OVERVIEW
- Understanding the importance of temperature on a local and international scale and how it can influence the environment and living conditions
- discussing UHI’s and how their correct identification can support policy implementation and help cities reach SDG’s
- Using L-8 and MODIS to explore temperature across urban areas
- understanding 2 day revisit time between Terra and Aqua and comparing how results change between the two
- understanding the LST dynamics in Bucharest
- Comparing outputs between city defined Bucharest shapefile and GEE accessible Bucharest general area delimitations
Setting the scene
Different global warming predictions exist, with experts trying to understand and estimate how human interaction with out environment can bring different possible scenarios. To illustrate these different possible outcomes, researchers have been using RCP’s to illustrate how our actions, or lack thereof, can influence global warming. The below image illustrates the evolution of the various different scenarios (Bowyer et al. (2014))
The different RCP values represent different actions taken at national and international level, with the following examples:
RCP2.6 - “very stringent pathway” - high global effort to keep rising temperatures below 2°C
RCP4.6 - “intermediate scenario” - most probable baseline scenario which accounts for the exhaustible nature of non-renewable fossil fuels
RCP6.0 - “high emission” - emissions will peak in 2080 and stabilisation on taking place in end of 21st century
RCP8.5 - “very high emission” - emissions will rise non-stop throughout the 21st century considered the worst-case scenario possible
For this reason, properly analysing temperature, through Landsat or MODIS (or any other means) is important in understanding how heat evolves through time, seeing the effects on global warming on a global scale.
It also allows researchers to have insight on local level population insights and can support the well being of individuals. Indeed, indentifiying Urban Heat Islands, areas with dense concentrations of man-made buildings which accumulate heat, and implementing the correct policies to lower the temperature of these areas will benefit the living conditions of local populations. This is ever more so important as it allows cities to be in line with SDG
How to work with temperature in GEE?
Landsat-8
L-8 has two thermal infrared band (c.f. with Band 10 and 11) which allow it to retrieve precise information on temperature trends, using single-channel or split-window algorithms to make these insights (Jiménez-Muñoz et al. (2014)). In our Bucharest analysis, we only use a single channel analysis to analyse our area, using band 10 from data between May and September 2022.
We run our first analysis on the Bucharest region, as delimited by the GAUL . With a temperature range between 20°C and 50°C (blue being coldest and red warmest), we see that our initial results are not too successful as much of the image is blue. This makes sense as Bucharest warmest ever temperature was of 42.2°C in 2000, therefore even with accumulation of heat, 50°C is a high margin.
To remedy this, we reduce the range to 20-45°C. With this change, the results are more insightful and we better visualise areas with high heat concentration. We also add the actual Bucharest outline (with local shapefile) which will be the area we focus on from this point forward:
The output allows us to better see the variations in temperature but we also notice that some areas do not have values, either due to the lack of values, constant cloud cover over the area or simply the area being under 20°C:
MODIS AQUA AND TERRA
Now moving on to the MODIS data, we use Aqua and Terra to visualise temperature in Bucharest. Our first results are less contrasted than for the L-8 data, and we also see that the area’s previously missing the L-8 are available for MODIS
For better understanding of LST distribution around the city, the graph below provides precise quantitative information. We see peaks around August, with LST temperatures reaching 45°C. We also notice some data limitations as certain days do not seem to have information (i.e. early September or second quarter of July). This is likely due to some limiting factor, which could be simply cloud cover, as MODIS cannot observe the surface when cloud cover is present (NASA: NSDIC)
To provide better understanding of the above chart, we decide to use an interactive version of the chart, which allows for detailed information on the different temperature characteristics over time.

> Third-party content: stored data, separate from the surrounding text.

(* Let $n\ge 3$ and let $H$ be a $3$-uniform hypergraph on $[n]$ such that every $4$-subset of $[n]$ contains an edge of $H$. Let $\Delta=K(H)$ be the $2$-dimensional simplicial complex whose $2$-faces are the edges of $H$ and whose $1$-skeleton is the complete graph on $[n]$. Then $\dim_{\mathbb{Q}} H_1(\Delta;\mathbb{Q})\le n-2$.
   Context: $H_1(\Delta;\mathbb{Q})$ is the first simplicial homology group of $\Delta$ with rational coefficients. *)

From HB Require Import structures.
From mathcomp Require Import all_boot all_order all_algebra.
Set Implicit Arguments. Unset Strict Implicit. Unset Printing Implicit Defensive.
Import Order.TTheory GRing.Theory Num.Theory.
Local Open Scope ring_scope.

(* Simplices are sets of vertices, oriented by the
   natural order of the vertices.  Chains are row vectors; boundary maps act
   by right multiplication. *)

Definition edges (n : nat) : {set {set 'I_n}} := [set e : {set 'I_n} | #|e| == 2%N].

(* boundary coefficient of vertex v in oriented edge e = [a,b], a<b : b - a *)
Definition bd1_coef (n : nat) (e : {set 'I_n}) (v : 'I_n) : rat :=
  if v \in e then (if [exists w in e, (v < w)%N] then -1 else 1) else 0.

(* boundary coefficient of edge e in oriented triangle t = [a,b,c]:
   d[a,b,c] = [b,c] - [a,c] + [a,b]; the face omitting the vertex x of
   position k gets sign (-1)^k. *)
Definition bd2_coef (n : nat) (t e : {set 'I_n}) : rat :=
  if e \subset t then
    \sum_(x in t :\: e) (-1) ^+ #|[set y in t | (y < x)%N]|
  else 0.

Definition bd1 (n : nat) : 'M[rat]_(#|edges n|, n) :=
  \matrix_(i, j) bd1_coef (enum_val i) j.

Definition bd2 (n : nat) (H : {set {set 'I_n}}) : 'M[rat]_(#|H|, #|edges n|) :=
  \matrix_(i, j) bd2_coef (enum_val i) (enum_val j).

(* dim_Q H_1(Delta; Q) = dim Z_1 - dim B_1 = dim ker d1 - rank d2. *)
Definition H1dim (n : nat) (H : {set {set 'I_n}}) : nat :=
  (\rank (kermx (bd1 n)) - \rank (bd2 H))%N.

From HB Require Import structures.
From mathcomp Require Import all_boot all_order all_algebra zify.
Set Implicit Arguments. Unset Strict Implicit. Unset Printing Implicit Defensive.
Import GRing.Theory.

(* The complete graph is connected, so rank bd1 = n - 1 and
   dim H1 = |E| - (n - 1) - rank bd2; it therefore suffices to span every edge
   vector, modulo the boundaries of the triangles of H, by 2n - 3 edges.
   This goes by induction on the vertex set S: some v in S has a link (in the
   complex induced on S) with at most two components, represented by a and b.
   Adding the edges va and vb to the spanning set for S - v suffices, because
   along a link edge yx the boundary of the triangle vyx expresses vx through
   vy and yx.
   Such a v exists: if p, q, r lie in three different components of the link
   of v, the triangle contained in {v, p, q, r} can only be pqr.  Hence if
   every link had three components, for a in the link of v we could find w in
   the link of a whose component there is strictly contained in the component
   of a in the link of v, an infinite descent. *)

Lemma cards2_mem (T : finType) (A : {set T}) (v : T) :
  #|A| = 2 -> v \in A -> exists2 z, v != z & A = [set v; z].
Proof.
move=> A2 vA; have /cards1P[z Az] : #|A :\ v| == 1.
  by move: A2; rewrite (cardsD1 v) vA add1n => -[->].
exists z; last by rewrite -(setD1K vA) Az.
by have := set11 z; rewrite -Az !inE eq_sym => /andP[].
Qed.

Lemma cards3_mem (T : finType) (A : {set T}) (v : T) :
  #|A| = 3 -> v \in A -> exists y z, [/\ y != z, y != v, z != v & A = [set v; y; z]].
Proof.
move=> A3 vA; have /cards2P[y [z [yz Ayz]]] : #|A :\ v| == 2.
  by move: A3; rewrite (cardsD1 v) vA add1n => -[->].
have yA : y \in A :\ v by rewrite Ayz !inE eqxx.
have zA : z \in A :\ v by rewrite Ayz !inE eqxx orbT.
move: yA zA; rewrite !inE => /andP[yv _] /andP[zv _].
exists y, z; split=> //; rewrite -(setD1K vA) Ayz.
by apply/setP => x; rewrite !inE orbA.
Qed.

Lemma cards3 (T : finType) (p q r : T) :
  p != q -> p != r -> q != r -> #|[set p; q; r]| = 3.
Proof.
move=> pq pr qr; have -> : [set p; q; r] = r |: [set p; q].
  by apply/setP => x; rewrite !inE orbC.
by rewrite cardsU1 cards2 pq !inE negb_or ![r == _]eq_sym pr qr.
Qed.

Section Link.

Variables (n : nat) (H : {set {set 'I_n}}) (S : {set 'I_n}).

Definition link (v : 'I_n) : rel 'I_n :=
  fun x y => [&& x \in S :\ v, y \in S :\ v & [set v; x; y] \in H].

Lemma link_sym v : symmetric (link v).
Proof.
move=> x y; rewrite /link andbCA; congr [&& _, _ & _ \in H].
by apply/setP => z; rewrite !inE orbAC.
Qed.

Lemma link_connect_sym v : connect_sym (link v).
Proof. exact/sym_connect_sym/link_sym. Qed.

Definition link_comp (v a : 'I_n) := [set x in S :\ v | connect (link v) a x].

Definition link_two_components (v : 'I_n) :=
  [exists a in S :\ v, exists b in S :\ v,
     [forall x in S :\ v, connect (link v) a x || connect (link v) b x]].

Lemma link_three_components v a :
  ~~ link_two_components v -> a \in S :\ v ->
  exists b c, [/\ b \in S :\ v, c \in S :\ v, ~~ connect (link v) a b,
                  ~~ connect (link v) a c & ~~ connect (link v) b c].
Proof.
move=> /existsPn/(_ a) + aS; rewrite aS /= => /existsPn no2.
have := no2 a; rewrite aS /= => /forallPn[b]; rewrite negb_imply orbb => /andP[bS nab].
have := no2 b; rewrite bS /= => /forallPn[c].
rewrite negb_imply negb_or => /andP[cS /andP[nac nbc]].
by exists b, c.
Qed.

Hypothesis H3 : forall t, t \in H -> #|t| = 3.
Hypothesis H4 : forall F : {set 'I_n}, #|F| = 4 -> exists2 t, t \in H & t \subset F.

Lemma link_transversal_triangle v p q r :
  p \in S :\ v -> q \in S :\ v -> r \in S :\ v ->
  ~~ connect (link v) p q -> ~~ connect (link v) p r -> ~~ connect (link v) q r ->
  [set p; q; r] \in H.
Proof.
move=> pS qS rS npq npr nqr.
have sep y z : y \in [set p; q; r] -> z \in [set p; q; r] -> y != z ->
    ~~ connect (link v) y z.
  rewrite !inE -!orbA => /or3P[]/eqP-> /or3P[]/eqP->; rewrite ?eqxx //= => _;
  by rewrite // link_connect_sym.
have sub_link x : x \in [set p; q; r] -> x \in S :\ v.
  by rewrite !in_setU !in_set1 -!orbA => /or3P[]/eqP->.
have vT : v \notin [set p; q; r].
  by apply/negP => /sub_link; rewrite !inE eqxx.
have ne x y : ~~ connect (link v) x y -> x != y.
  by apply: contra => /eqP->; rewrite connect0.
have F4 : #|v |: [set p; q; r]| = 4 by rewrite cardsU1 vT cards3 ?ne.
have [t tH tF] := H4 F4.
have [vt | nvt] := boolP (v \in t).
  have [y [z [yz yv zv Et]]] := cards3_mem (H3 tH) vt.
  have inT x : x \in t -> x != v -> x \in [set p; q; r].
    by move=> /(subsetP tF); rewrite in_setU1 => /orP[/eqP->|]; rewrite ?eqxx.
  have yT : y \in [set p; q; r] by rewrite inT // Et !inE eqxx orbT.
  have zT : z \in [set p; q; r] by rewrite inT // Et !inE eqxx !orbT.
  have /negP[] := sep _ _ yT zT yz.
  by apply/connect1; rewrite /link !sub_link // -Et.
suff <- : t = [set p; q; r] by [].
apply/eqP; rewrite eqEcard (H3 tH) cards3 ?ne // leqnn andbT.
apply/subsetP => x xt; have := subsetP tF x xt; rewrite in_setU1.
by case/orP => // /eqP xv; rewrite -xv xt in nvt.
Qed.

Lemma link_comp_descent v a :
  v \in S -> a \in S :\ v -> ~~ link_two_components v -> ~~ link_two_components a ->
  exists2 w, w \in S :\ a & #|link_comp a w| < #|link_comp v a|.
Proof.
move=> vS aSv v3 a3.
have [b [c [bSv cSv nab nac nbc]]] := link_three_components v3 aSv.
have inSa x : x \in S :\ v -> ~~ connect (link v) a x -> x \in S :\ a.
  move=> xSv nax; rewrite in_setD1 (subsetP (subsetDl S [set v]) x xSv) andbT.
  by apply: contra nax => /eqP->; rewrite connect0.
have vSa : v \in S :\ a.
  by move: aSv; rewrite !inE eq_sym vS => /andP[-> _].
have link_abc : link a b c.
  by rewrite /link !inSa // (link_transversal_triangle aSv bSv cSv).
have to_b y : y \in S :\ v -> ~~ connect (link v) a y -> connect (link a) b y.
  move=> ySv nay; have [bay | nby] := boolP (connect (link v) b y).
    have ncy : ~~ connect (link v) c y.
      by apply: contra nbc => cy; rewrite (connect_trans bay) // link_connect_sym.
    apply: connect_trans (connect1 link_abc) (connect1 _).
    by rewrite /link !inSa // (link_transversal_triangle aSv cSv ySv).
  by apply: connect1; rewrite /link !inSa // (link_transversal_triangle aSv bSv ySv).
have [q [r [qSa rSa nvq nvr nqr]]] := link_three_components a3 vSa.
have [w [wSa nvw nbw]] : exists w, [/\ w \in S :\ a, ~~ connect (link a) v w
                                      & ~~ connect (link a) b w].
  have [bq | nbq] := boolP (connect (link a) b q); last by exists q.
  exists r; split=> //; apply: contra nqr => br.
  by apply: connect_trans br; rewrite link_connect_sym.
exists w => //; rewrite [X in _ < X](cardsD1 a) inE aSv connect0 add1n ltnS.
apply/subset_leq_card/subsetP => x; rewrite /link_comp !inE => /andP[/andP[xa xS] wx].
have xv : x != v by apply: contraNneq nvw => <-; rewrite link_connect_sym.
rewrite xa xv xS !andTb; apply: contraR nbw => nax.
apply: connect_trans (to_b x _ nax) _; first by rewrite !inE xv.
by rewrite link_connect_sym.
Qed.

Lemma exists_link_two_components :
  1 < #|S| -> exists2 v, v \in S & link_two_components v.
Proof.
move=> S2; apply/exists_inP; apply: contraT => /exists_inPn no2.
have [v vS] : exists v, v \in S by apply/card_gt0P/ltnW.
have [a aSv] : exists a, a \in S :\ v.
  by apply/card_gt0P; move: S2; rewrite (cardsD1 v) vS.
move: {2}#|_| (leqnn #|link_comp v a|) => k; elim: k v a vS aSv => [|k IH] v a vS aSv.
  rewrite leqn0 cards_eq0 => /eqP/setP/(_ a).
  by rewrite in_set0 /link_comp in_set aSv connect0.
move=> lek; have aS : a \in S by move: aSv; rewrite inE => /andP[].
have [w wSa lt] := link_comp_descent vS aSv (no2 v vS) (no2 a aS).
by apply: (IH a w aS wSa); rewrite -ltnS (leq_trans lt).
Qed.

LST Interactive Chart - Bucharest summer 2022
Personal Reflection
As the Bucharest area studied in this entry is only composed on a single spatial unit, we can only conduct statistics on a singular spatial unit. This is applicable both for Bucharest in the shapefile form and through the GAUL.
In further works, we would look to use areas which have spatial area separations which would allow us to make temperature comparisons between various areas or neighborhoods (depending on the granularity of the data available)
Attaching package: 'cowplot'The following object is masked from 'package:lubridate':
stamp
We would look to create a similar LST chart as in the previous section, but adding more lines for different recorded areas or sectors.
It would also be interesting to potential indexes for Heat, but also other measures such as moisture or dryness, to understand how certain urban areas are and how they influence the quality of life of local people.
Thank you for reading!
Finally, I highly values the skills, techniques and approaches used throughout the create of this Diary! I believe that, now accustomed to this panoply of methods to analyse remote sensing imagery, I have a much more developed understanding of current climate issues, but also how to implement and propose viable solutions. I look forward to continue developing these skills and had fun personalizing this work!